Transcribe the records below exactly as written, from the opening line through the line that contains "Definition ncadd (a".

Dataset entries:
Content starts

(* In $H_\ast M\xi=\mathbb{Z}\langle Z_1,Z_2,\ldots\rangle$ with the filtration $F_k$ by polynomial degree in the $Z_i$: (1) for $a\in F_k$ and $l>0$ one has $\phi_l(a)\equiv[Z_l,a]\bmod F_{k+2}$; (2) $\Upsilon_{p,q}\equiv[Z_p,Z_q]\bmod F_3$ for all $p,q$.
   Context: $M\xi$ is the Baker–Richter spectrum (Thom spectrum of $\Omega\Sigma\mathbb{C}P^\infty\to BU$), complex oriented with orientation $x$. $H=H\mathbb{Z}$. $H_\ast M\xi\cong H_\ast\Omega\Sigma\mathbb{C}P^\infty=\mathbb{Z}\langle Z_1,Z_2,\ldots\rangle$ is free associative, $Z_k$ the image of the generator of $H_{2k}\mathbb{C}P^\infty$, $Z_0=1$. The Hurewicz map $M\xi^\ast(\mathbb{C}P^\infty)^n\to H_\ast M\xi\otimes\mathbb{Z}[[T_1,\ldots,T_n]]$ (with $T_j$ central) is an injective ring map sending $x_j\mapsto\sum_{k\ge0}Z_kT_j^{1+k}$; in particular $M\xi_\ast\subset H_\ast M\xi$. For $a\in H_\ast M\xi$ define $\phi_k(a)\in H_\ast M\xi$ recursively by the identity $\sum_{j\ge0}(Z_ja)T^{1+j}=\sum_{k\ge0}\phi_k(a)\big(\sum_{j\ge0}Z_jT^{1+j}\big)^{1+k}$; on $M\xi_\ast$ these agree with the operators defined by $xa=\sum_k\phi_k(a)x^{1+k}$ in $M\xi^\ast[[x]]$. $\Upsilon_{p,q}\in M\xi_\ast\subset H_\ast M\xi$ are defined by $yx=\sum_{p,q\ge0}\Upsilon_{p,q}x^{1+p}y^{1+q}$ in $M\xi^\ast(\mathbb{C}P^\infty\times\mathbb{C}P^\infty)$. $F_k$ is the span of monomials $Z_{i_1}\cdots Z_{i_m}$ (with all $i_j\ge1$) of length $m\ge k$. *)

From mathcomp Require Import all_boot all_order all_algebra.
Set Implicit Arguments. Unset Strict Implicit. Unset Printing Implicit Defensive.
Import Order.TTheory GRing.Theory Num.Theory.
Local Open Scope ring_scope.

(* A word [:: i1; ...; im] stands for the monomial Z_{i1} ... Z_{im}.
   An element is its coefficient function on words (a formal noncommutative
   power series over Z); H_* Mxi is the subset of finitely supported ones on
   words with all letters >= 1 (see [inH]). *)
Definition ncs := seq nat -> int.

Definition ncadd (a b : ncs) : ncs := fun w => a w + b w.
Definition ncsub (a b : ncs) : ncs := fun w => a w - b w.
Definition ncmul (a b : ncs) : ncs :=
  fun w => \sum_(i < (size w).+1) a (take i w) * b (drop i w).
Definition ncsum (n : nat) (F : nat -> ncs) : ncs := fun w => \sum_(i < n) F i w.
Definition comm (a b : ncs) : ncs := ncsub (ncmul a b) (ncmul b a).

(* the generator Z_j, with the convention Z_0 = 1 *)
Definition Zg (j : nat) : ncs :=
  fun w => if j == 0%N then (if w == [::] then 1 else 0)
           else (if w == [:: j] then 1 else 0).

(* pw k n = coefficient of T^(n+1) in x^(1+k), where x = sum_j Z_j T^(1+j)
   (T central). *)
Fixpoint pw (k n : nat) : ncs :=
  match k with
  | 0 => Zg n
  | k'.+1 => ncsum n (fun i => ncmul (pw k' i) (Zg (n - i - 1)))
  end.

Definition inH (a : ncs) : Prop :=
  (exists s : seq (seq nat), forall w, a w != 0 -> w \in s) /\
  (forall w, a w != 0 -> all (fun i => 0 < i)%N w).

Definition inF (k : nat) (a : ncs) : Prop :=
  inH a /\ (forall w, a w != 0 -> (k <= size w)%N).

Definition congF (k : nat) (b c : ncs) : Prop := inF k (ncsub b c).

(* phi is the family (phi_k(a))_k defined by
   sum_j (Z_j a) T^(1+j) = sum_k phi_k(a) (sum_j Z_j T^(1+j))^(1+k),
   i.e. coefficientwise in T^(n+1). *)
Definition is_phi (a : ncs) (phi : nat -> ncs) : Prop :=
  forall n, ncmul (Zg n) a = ncsum n.+1 (fun k => ncmul (phi k) (pw k n)).

(* Ups is the family Upsilon_{p,q} defined by y x = sum Ups_{p,q} x^(1+p) y^(1+q),
   read through the Hurewicz image x |-> sum Z_k S^(1+k), y |-> sum Z_k T^(1+k)
   (S, T central), coefficientwise in S^(1+m) T^(1+n). *)
Definition is_Ups (Ups : nat -> nat -> ncs) : Prop :=
  forall m n, ncmul (Zg n) (Zg m) =
    ncsum m.+1 (fun p => ncsum n.+1 (fun q =>
      ncmul (ncmul (Ups p q) (pw p m)) (pw q n))).

From mathcomp Require Import all_boot all_order all_algebra zify ring.
From Stdlib Require Import FunctionalExtensionality.
Set Implicit Arguments. Unset Strict Implicit. Unset Printing Implicit Defensive.
Import Order.TTheory GRing.Theory Num.Theory.
Local Open Scope ring_scope.

(* Both congruences come from reading off one coefficient of the defining
   identity and splitting off its two extreme terms.  For (1), the coefficient
   of T^(1+l) in sum_j Z_j a T^(1+j) = sum_i phi_i(a) x^(1+i) reads
     Z_l a = a Z_l + phi_l(a) + sum_(0<i<l) phi_i(a) [T^(1+l)] x^(1+i),
   since phi_0(a) = a and [T^(1+l)] x^(1+l) = 1.  For 0 < i < l, induction on l
   gives phi_i(a) = [Z_i, a] mod F_(k+2), so phi_i(a) lies in F_(k+1), while
   [T^(1+l)] x^(1+i) lies in F_1; hence the remainder lies in F_(k+2).
   (2) is the same argument for the coefficient of S^(1+m) T^(1+n), by
   induction on m + n, using Upsilon_(0,0) = 1. *)

Lemma sumr_neq0_exists (R : nmodType) (I : finType) (F : I -> R) :
  \sum_i F i != 0 -> exists i, F i != 0.
Proof.
have [i Fi | allF0] := pickP (fun i => F i != 0); first by exists i.
by rewrite big1 ?eqxx // => i _; apply/eqP/negbFE/allF0.
Qed.

Lemma bigD2 (R : nmodType) (I : finType) (i0 i1 : I) (F : I -> R) : i0 != i1 ->
  \sum_i F i = F i0 + F i1 + \sum_(i | (i != i0) && (i != i1)) F i.
Proof. by move=> ne01; rewrite (bigD1 i0) // (bigD1 i1) 1?eq_sym //= addrA. Qed.

Definition ncs0 : ncs := fun _ => 0.

Lemma ncmul_neq0 a b w : ncmul a b w != 0 ->
  exists i, a (take i w) != 0 /\ b (drop i w) != 0.
Proof.
by move=> /sumr_neq0_exists [i]; rewrite mulf_eq0 negb_or => /andP []; exists i.
Qed.

Lemma sum_ncsE (I : Type) (r : seq I) (P : pred I) (F : I -> ncs) :
  (fun w => \sum_(i <- r | P i) F i w) = \big[ncadd/ncs0]_(i <- r | P i) F i.
Proof.
apply: functional_extensionality => w.
by apply: (big_rec2 (fun x (y : ncs) => x = y w)) => // i x y _ ->.
Qed.

Lemma ncsub_diag a : ncsub a a = ncs0.
Proof. by apply: functional_extensionality => w; rewrite /ncsub subrr. Qed.

Lemma ncsum1 (F : nat -> ncs) : ncsum 1 F = F 0%N.
Proof. by apply: functional_extensionality => w; rewrite /ncsum big_ord1. Qed.

Lemma ncmul1l a : ncmul (Zg 0) a = a.
Proof.
apply: functional_extensionality => w.
rewrite /ncmul big_ord_recl /Zg /= take0 drop0 mul1r big1 ?addr0 // => i _.
rewrite -size_eq0 size_take /bump /= add1n.
by case: ltnP => _; rewrite ?(gtn_eqF (leq_ltn_trans (leq0n i) (ltn_ord i))) mul0r.
Qed.

Lemma ncmul1r a : ncmul a (Zg 0) = a.
Proof.
apply: functional_extensionality => w.
rewrite /ncmul big_ord_recr /Zg /= take_size drop_size eqxx mulr1 big1 ?add0r //.
by move=> i _; rewrite -size_eq0 size_drop subn_eq0 leqNgt ltn_ord mulr0.
Qed.

Lemma Zg_weight j w : Zg j w != 0 -> sumn w = j.
Proof.
rewrite /Zg; have [->|_] := eqVneq j 0%N; first by have [->|] := eqVneq w [::].
by have [->|] := eqVneq w [:: j]; rewrite //= addn0.
Qed.

Lemma pw_weight k n w : pw k n w != 0 -> (sumn w + k = n)%N.
Proof.
elim: k n w => [|k IHk] n w /=; first by rewrite addn0 => /Zg_weight.
move=> /sumr_neq0_exists [i /ncmul_neq0 [j [/IHk wt1 /Zg_weight wt2]]].
by rewrite -(cat_take_drop j w) sumn_cat; move: (ltn_ord i); lia.
Qed.

Lemma pw_small k n : (n < k)%N -> pw k n = ncs0.
Proof.
move=> ltnk; apply: functional_extensionality => w.
by apply/eqP; apply: contraT => /pw_weight; lia.
Qed.

Lemma pw_diag n : pw n n = Zg 0.
Proof.
elim: n => [|n IHn] //=.
apply: functional_extensionality => w.
rewrite /ncsum big_ord_recr /= subSnn subnn IHn ncmul1r big1 ?add0r // => i _.
by rewrite pw_small // /ncmul big1 // => j _; rewrite mul0r.
Qed.

Lemma inF0 k : inF k ncs0.
Proof. by do 2?split; first exists [::]; move=> w; rewrite eqxx. Qed.

Lemma inF_le j k a : (j <= k)%N -> inF k a -> inF j a.
Proof. by move=> lejk [Ha Fa]; split=> // w /Fa; apply: leq_trans. Qed.

Lemma inF_support2 k a b c :
  (forall w, c w != 0 -> a w != 0 \/ b w != 0) ->
  inF k a -> inF k b -> inF k c.
Proof.
move=> supp [[[sa Sa] Pa] Ka] [[[sb Sb] Pb] Kb]; do 2?split.
- by exists (sa ++ sb) => w /supp [/Sa|/Sb]; rewrite mem_cat => ->; rewrite ?orbT.
- by move=> w /supp [/Pa|/Pb].
- by move=> w /supp [/Ka|/Kb].
Qed.

Lemma inF_add k a b : inF k a -> inF k b -> inF k (ncadd a b).
Proof.
apply: inF_support2 => w; rewrite /ncadd.
by case: (eqVneq (a w) 0) => [->|]; [rewrite add0r; right | left].
Qed.

Lemma inF_sub k a b : inF k a -> inF k b -> inF k (ncsub a b).
Proof.
apply: inF_support2 => w; rewrite /ncsub.
by case: (eqVneq (a w) 0) => [->|]; [rewrite sub0r oppr_eq0; right | left].
Qed.

Lemma inF_mul i j a b : inF i a -> inF j b -> inF (i + j) (ncmul a b).
Proof.
move=> [[[sa Sa] Pa] Ka] [[[sb Sb] Pb] Kb]; do 2?split.
- exists [seq u ++ v | u <- sa, v <- sb] => w /ncmul_neq0 [n [/Sa wa /Sb wb]].
  by rewrite -(cat_take_drop n w); apply: allpairs_f.
- move=> w /ncmul_neq0 [n [/Pa wa /Pb wb]].
  by rewrite -(cat_take_drop n w) all_cat wa wb.
- move=> w /ncmul_neq0 [n [/Ka wa /Kb wb]].
  by rewrite -(cat_take_drop n w) size_cat leq_add.
Qed.

Lemma inF_comm i j a b : inF i a -> inF j b -> inF (i + j) (comm a b).
Proof.
by move=> Fa Fb; apply: inF_sub; [|rewrite addnC]; apply: inF_mul.
Qed.

Lemma inF_big k (I : Type) (r : seq I) (P : pred I) (F : I -> ncs) :
  (forall i, P i -> inF k (F i)) -> inF k (fun w => \sum_(i <- r | P i) F i w).
Proof. by rewrite sum_ncsE; apply: big_ind; [apply: inF0 | apply: inF_add]. Qed.

Lemma inF_Zg j : inF 0 (Zg j).
Proof.
split=> //; split=> [|w].
  exists [:: [::]; [:: j]] => w; rewrite /Zg; case: (j == 0%N).
    by have [->|] := eqVneq w [::]; rewrite ?inE ?eqxx.
  by have [->|] := eqVneq w [:: j]; rewrite ?inE ?eqxx ?orbT.
rewrite /Zg; have [_|j_neq0] := eqVneq j 0%N; first by have [->|] := eqVneq w [::].
by have [->_|//] := eqVneq w [:: j]; rewrite /= andbT lt0n.
Qed.

Lemma inF_Zg_pos j : (0 < j)%N -> inF 1 (Zg j).
Proof.
move=> j_gt0; have [Hj _] := inF_Zg j; split=> // w.
by rewrite /Zg gtn_eqF //; have [->|] := eqVneq w [:: j].
Qed.

Lemma inF_pw k n : inF 0 (pw k n).
Proof.
elim: k n => [|k IHk] n /=; first exact: inF_Zg.
by apply: inF_big => i _; apply: (inF_mul (IHk i) (inF_Zg _)).
Qed.

Lemma inF_pw_lt k n : (k < n)%N -> inF 1 (pw k n).
Proof.
move=> ltkn; have [Hpw _] := inF_pw k n; split=> // w /pw_weight.
by case: w => [|x w] /=; lia.
Qed.

Lemma congF_addr k b r : inF k r -> congF k b (ncadd b r).
Proof.
apply: inF_support2 (inF0 k) => w; rewrite /ncsub /ncadd opprD addrA subrr sub0r.
by rewrite oppr_eq0; right.
Qed.

Lemma inF_congF j k b c : (j <= k)%N -> congF k b c -> inF j c -> inF j b.
Proof.
move=> lejk /(inF_le lejk); apply: inF_support2 => w; rewrite /ncsub.
by case: (eqVneq (c w) 0) => [->|]; [rewrite subr0; left | right].
Qed.

Section Phi.

Variables (k : nat) (a : ncs) (phi : nat -> ncs).
Hypotheses (Fa : inF k a) (phiP : is_phi a phi).

Lemma phi0 : phi 0%N = a.
Proof. by have := phiP 0; rewrite ncsum1 ncmul1l pw_diag ncmul1r. Qed.

Lemma comm_Zg_phi l : (0 < l)%N ->
  comm (Zg l) a = ncadd (phi l)
    (fun w => \sum_(i < l.+1 | (i != ord0) && (i != ord_max))
                ncmul (phi i) (pw i l) w).
Proof.
move=> l_gt0; apply: functional_extensionality => w.
have := congr1 (fun f => f w) (phiP l).
rewrite /ncsum (@bigD2 _ _ ord0 ord_max); last first.
  by rewrite -val_eqE /= eq_sym -lt0n.
by rewrite /= phi0 pw_diag ncmul1r /comm /ncsub /ncadd => ->; ring.
Qed.

Lemma phi_congF l : (0 < l)%N -> congF (k + 2) (phi l) (comm (Zg l) a).
Proof.
elim/ltn_ind: l => l IHl l_gt0; rewrite comm_Zg_phi //.
apply/congF_addr/inF_big => i /andP [i_gt0 i_ltl].
rewrite -val_eqE /= -lt0n in i_gt0; rewrite -val_eqE /= in i_ltl.
have {}i_ltl : (i < l)%N by rewrite ltn_neqAle i_ltl -ltnS ltn_ord.
have Fphi : inF (k + 1) (phi i).
  apply: inF_congF (IHl _ i_ltl i_gt0) _; first by rewrite leq_add2l.
  by rewrite addnC; apply: inF_comm (inF_Zg_pos i_gt0) Fa.
by rewrite -[2%N]/(1 + 1)%N addnA; apply: inF_mul Fphi (inF_pw_lt i_ltl).
Qed.

End Phi.

Section Upsilon.

Variable Ups : nat -> nat -> ncs.
Hypothesis UpsP : is_Ups Ups.

Lemma Ups00 : Ups 0%N 0%N = Zg 0.
Proof.
by have := UpsP 0 0; rewrite !ncsum1 pw_diag !ncmul1r => ->.
Qed.

Lemma comm_Zg_Ups m n : (m, n) <> (0%N, 0%N) ->
  comm (Zg n) (Zg m) = ncadd (Ups m n)
    (fun w => \sum_(pq : 'I_m.+1 * 'I_n.+1 |
                      (pq != (ord0, ord0)) && (pq != (ord_max, ord_max)))
                ncmul (ncmul (Ups pq.1 pq.2) (pw pq.1 m)) (pw pq.2 n) w).
Proof.
move=> mn_neq0; apply: functional_extensionality => w.
have := congr1 (fun f => f w) (UpsP m n).
rewrite /ncsum pair_bigA (@bigD2 _ _ (ord0, ord0) (ord_max, ord_max)).
  by rewrite /= Ups00 !pw_diag ncmul1l !ncmul1r /comm /ncsub /ncadd => ->; ring.
by apply: contra_notN mn_neq0; rewrite xpair_eqE -!val_eqE /= => /andP [/eqP <- /eqP <-].
Qed.

Lemma inF_comm_Zg p q : inF 2 (comm (Zg q) (Zg p)).
Proof.
have [->|p_gt0] := posnP p; last have [->|q_gt0] := posnP q;
  try by rewrite /comm ncmul1l ncmul1r ncsub_diag; apply: inF0.
exact: inF_comm (inF_Zg_pos q_gt0) (inF_Zg_pos p_gt0).
Qed.

Lemma Ups_congF m n : (m, n) <> (0%N, 0%N) ->
  congF 3 (Ups m n) (comm (Zg n) (Zg m)).
Proof.
have [s] := ubnP (m + n); elim: s m n => // s IHs m n mn_lt_s mn_neq0.
rewrite comm_Zg_Ups //.
apply/congF_addr/inF_big => -[p q]; rewrite !xpair_eqE -!val_eqE /=.
move=> /andP [pq_neq0 pq_neqmn].
have FUps : inF 2 (Ups p q).
  apply: inF_congF (IHs p q _ _) (inF_comm_Zg p q) => //.
    move: pq_neqmn (ltn_ord p) (ltn_ord q) mn_lt_s.
    by rewrite negb_and => /orP [] /eqP; lia.
  by case=> p0 q0; rewrite p0 q0 in pq_neq0.
move: pq_neqmn; rewrite negb_and => /orP [p_neqm | q_neqn].
  have p_ltm : (p < m)%N by rewrite ltn_neqAle p_neqm -ltnS ltn_ord.
  exact: inF_mul (inF_mul FUps (inF_pw_lt p_ltm)) (inF_pw _ _).
have q_ltn : (q < n)%N by rewrite ltn_neqAle q_neqn -ltnS ltn_ord.
exact: inF_mul (inF_mul FUps (inF_pw _ _)) (inF_pw_lt q_ltn).
Qed.

End Upsilon.

Theorem mainTheorem13 :
  (forall (k : nat) (a : ncs) (phi : nat -> ncs),
      inF k a -> is_phi a phi ->
      forall l : nat, (0 < l)%N -> congF (k + 2) (phi l) (comm (Zg l) a))
  /\
  (forall Ups : nat -> nat -> ncs, is_Ups Ups ->
      forall p q : nat, (p, q) <> (0%N, 0%N) ->
      congF 3 (Ups p q) (comm (Zg q) (Zg p))).
Proof.
split; first exact: phi_congF.
exact: Ups_congF.
Qed.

Content ends

Answer box:
(* In $H_\ast M\xi=\mathbb{Z}\langle Z_1,Z_2,\ldots\rangle$ with the filtration $F_k$ by polynomial degree in the $Z_i$: (1) for $a\in F_k$ and $l>0$ one has $\phi_l(a)\equiv[Z_l,a]\bmod F_{k+2}$; (2) $\Upsilon_{p,q}\equiv[Z_p,Z_q]\bmod F_3$ for all $p,q$.
   Context: $M\xi$ is the Baker–Richter spectrum (Thom spectrum of $\Omega\Sigma\mathbb{C}P^\infty\to BU$), complex oriented with orientation $x$. $H=H\mathbb{Z}$. $H_\ast M\xi\cong H_\ast\Omega\Sigma\mathbb{C}P^\infty=\mathbb{Z}\langle Z_1,Z_2,\ldots\rangle$ is free associative, $Z_k$ the image of the generator of $H_{2k}\mathbb{C}P^\infty$, $Z_0=1$. The Hurewicz map $M\xi^\ast(\mathbb{C}P^\infty)^n\to H_\ast M\xi\otimes\mathbb{Z}[[T_1,\ldots,T_n]]$ (with $T_j$ central) is an injective ring map sending $x_j\mapsto\sum_{k\ge0}Z_kT_j^{1+k}$; in particular $M\xi_\ast\subset H_\ast M\xi$. For $a\in H_\ast M\xi$ define $\phi_k(a)\in H_\ast M\xi$ recursively by the identity $\sum_{j\ge0}(Z_ja)T^{1+j}=\sum_{k\ge0}\phi_k(a)\big(\sum_{j\ge0}Z_jT^{1+j}\big)^{1+k}$; on $M\xi_\ast$ these agree with the operators defined by $xa=\sum_k\phi_k(a)x^{1+k}$ in $M\xi^\ast[[x]]$. $\Upsilon_{p,q}\in M\xi_\ast\subset H_\ast M\xi$ are defined by $yx=\sum_{p,q\ge0}\Upsilon_{p,q}x^{1+p}y^{1+q}$ in $M\xi^\ast(\mathbb{C}P^\infty\times\mathbb{C}P^\infty)$. $F_k$ is the span of monomials $Z_{i_1}\cdots Z_{i_m}$ (with all $i_j\ge1$) of length $m\ge k$. *)

From mathcomp Require Import all_boot all_order all_algebra.
Set Implicit Arguments. Unset Strict Implicit. Unset Printing Implicit Defensive.
Import Order.TTheory GRing.Theory Num.Theory.
Local Open Scope ring_scope.

(* A word [:: i1; ...; im] stands for the monomial Z_{i1} ... Z_{im}.
   An element is its coefficient function on words (a formal noncommutative
   power series over Z); H_* Mxi is the subset of finitely supported ones on
   words with all letters >= 1 (see [inH]). *)
Definition ncs := seq nat -> int.

Definition ncadd (a b : ncs) : ncs := fun w => a w + b w.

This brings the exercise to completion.